Available records.
______________________________
Definition root_walk (W : finType) (t : nat) (col : W -> W -> option 'I_t)
    (roots : {set W}) (y : W) (q : seq W) : bool :=
  [&& path (hadj col) y q, uniq (y :: q), last y q \in roots
    & all (fun v => v \notin roots) (belast y q)].

Section Rooted.
Variables (W : finType) (t : nat) (col : W -> W -> option 'I_t).
Variable roots : {set W}.
Hypothesis col_sym : forall x y, col x y = col y x.
Hypothesis col_rooted : rooted col roots.
Local Notation F := (forest_rel col roots).

Lemma root_pathE y q :
  root_path col roots y q = (q != [::]) && root_walk col roots y q.
Proof. by []. Qed.

Lemma forest_rel_sym : symmetric F.
Proof.
move=> x y; rewrite /forest_rel /hadj col_sym.
by case: (x \in roots); case: (y \in roots).
Qed.

Lemma forest_rel_nonroot u v : u \notin roots -> hadj col u v -> F u v.
Proof. by rewrite /forest_rel => /negbTE -> ->. Qed.

Lemma root_walk_nil y : y \in roots -> root_walk col roots y [::].
Proof. by rewrite /root_walk /= => ->. Qed.

Lemma connect_root_exists x : exists2 rho, rho \in roots & connect F x rho.
Proof.
have /eqP/cards1P[rho def_rho] := col_rooted.2 x.
have : rho \in [set r in roots | connect F x r] by rewrite def_rho set11.
by rewrite inE => /andP[]; exists rho.
Qed.

Lemma connect_root_unique x a b : a \in roots -> b \in roots ->
  connect F x a -> connect F x b -> a = b.
Proof.
move=> aR bR xa xb; have /eqP/cards1P[rho def_rho] := col_rooted.2 x.
have : a \in [set r in roots | connect F x r] by rewrite inE aR xa.
have : b \in [set r in roots | connect F x r] by rewrite inE bR xb.
by rewrite def_rho !inE => /eqP-> /eqP->.
Qed.

Lemma root_walk_forest y q : root_walk col roots y q -> path F y q.
Proof.
case/and4P=> y_q _ _ nRq.
by apply: sub_belast_path nRq y_q => u v; apply: forest_rel_nonroot.
Qed.

Lemma root_walk_exists y : exists q, root_walk col roots y q.
Proof.
case yR: (y \in roots); first by exists [::]; apply: root_walk_nil.
have [rho rhoR /connectP[p0 F_p0 def_rho]] := connect_root_exists y.
move: rhoR; rewrite def_rho; case: (shortenP F_p0) => p F_p up _ lR.
have [q [r [def_p _ F_q lq nRq]]] := path_first_hit F_p lR (negbT yR).
exists q; apply/and4P; split => //.
- by apply: sub_path F_q => u v /andP[].
- by move: up; rewrite def_p -cat_cons cat_uniq => /andP[].
Qed.

Lemma root_walk_ancestors g :
  exists2 q, root_walk col roots g q & {subset q <= ancestors col roots g}.
Proof.
case gR: (g \in roots); first by exists [::] => //; apply: root_walk_nil.
have [q wq] := root_walk_exists g; exists q => // z zq.
rewrite inE; apply/asbP; exists q; split => //; rewrite root_pathE wq andbT.
by apply: contraFN gR => /eqP q0; case/and4P: wq; rewrite q0.
Qed.

Lemma ancestor_root_walk g y : y \in ancestors col roots g ->
  exists2 q, root_walk col roots y q & {subset q <= ancestors col roots g}.
Proof.
rewrite inE => /asbP[p [rp yp]]; case/splitPr: yp rp => p1 p2 rp.
exists p2; last first.
  by move=> z zp2; rewrite inE; apply/asbP; exists (p1 ++ y :: p2);
    rewrite mem_cat inE zp2 !orbT.
case/and5P: rp => _ g_p up lR nRp; apply/and4P; split.
- by move: g_p; rewrite cat_path => /andP[_ /andP[]].
- by move: up; rewrite -cat_cons cat_uniq => /and3P[].
- by rewrite last_cat in lR.
- by move: nRp; rewrite belast_cat all_cat => /andP[_ /andP[]].
Qed.

Lemma root_walk_in_ancestors g y : (y == g) || (y \in ancestors col roots g) ->
  exists2 q, root_walk col roots y q & {subset q <= ancestors col roots g}.
Proof.
case/orP=> [/eqP-> | yg]; first exact: root_walk_ancestors.
exact: ancestor_root_walk.
Qed.

Lemma root_walk_cat x p q :
  path (hadj col) x p -> uniq (x :: p) ->
  all (fun v => v \notin roots) (belast x p) ->
  root_walk col roots (last x p) q -> all (fun z => z \notin q) (belast x p) ->
  root_walk col roots x (p ++ q).
Proof.
move=> x_p up nRp /and4P[l_q]; rewrite cons_uniq => /andP[lq uq] lR nRq pq.
apply/and4P; split.
- by rewrite cat_path x_p.
- rewrite -cat_cons cat_uniq up uq andbT; apply/hasPn => z zq.
  rewrite lastI mem_rcons inE negb_or; apply/andP; split.
    by apply: contraNneq lq => <-.
  by apply/negP => /(allP pq); rewrite zq.
- by rewrite last_cat.
- by rewrite belast_cat all_cat nRp.
Qed.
______________________________
Without changing anything, quote the lines from the top of the data to the line that contains "have : a \in", including that line.

Output.
Definition root_walk (W : finType) (t : nat) (col : W -> W -> option 'I_t)
    (roots : {set W}) (y : W) (q : seq W) : bool :=
  [&& path (hadj col) y q, uniq (y :: q), last y q \in roots
    & all (fun v => v \notin roots) (belast y q)].

Section Rooted.
Variables (W : finType) (t : nat) (col : W -> W -> option 'I_t).
Variable roots : {set W}.
Hypothesis col_sym : forall x y, col x y = col y x.
Hypothesis col_rooted : rooted col roots.
Local Notation F := (forest_rel col roots).

Lemma root_pathE y q :
  root_path col roots y q = (q != [::]) && root_walk col roots y q.
Proof. by []. Qed.

Lemma forest_rel_sym : symmetric F.
Proof.
move=> x y; rewrite /forest_rel /hadj col_sym.
by case: (x \in roots); case: (y \in roots).
Qed.

Lemma forest_rel_nonroot u v : u \notin roots -> hadj col u v -> F u v.
Proof. by rewrite /forest_rel => /negbTE -> ->. Qed.

Lemma root_walk_nil y : y \in roots -> root_walk col roots y [::].
Proof. by rewrite /root_walk /= => ->. Qed.

Lemma connect_root_exists x : exists2 rho, rho \in roots & connect F x rho.
Proof.
have /eqP/cards1P[rho def_rho] := col_rooted.2 x.
have : rho \in [set r in roots | connect F x r] by rewrite def_rho set11.
by rewrite inE => /andP[]; exists rho.
Qed.

Lemma connect_root_unique x a b : a \in roots -> b \in roots ->
  connect F x a -> connect F x b -> a = b.
Proof.
move=> aR bR xa xb; have /eqP/cards1P[rho def_rho] := col_rooted.2 x.
have : a \in [set r in roots | connect F x r] by rewrite inE aR xa.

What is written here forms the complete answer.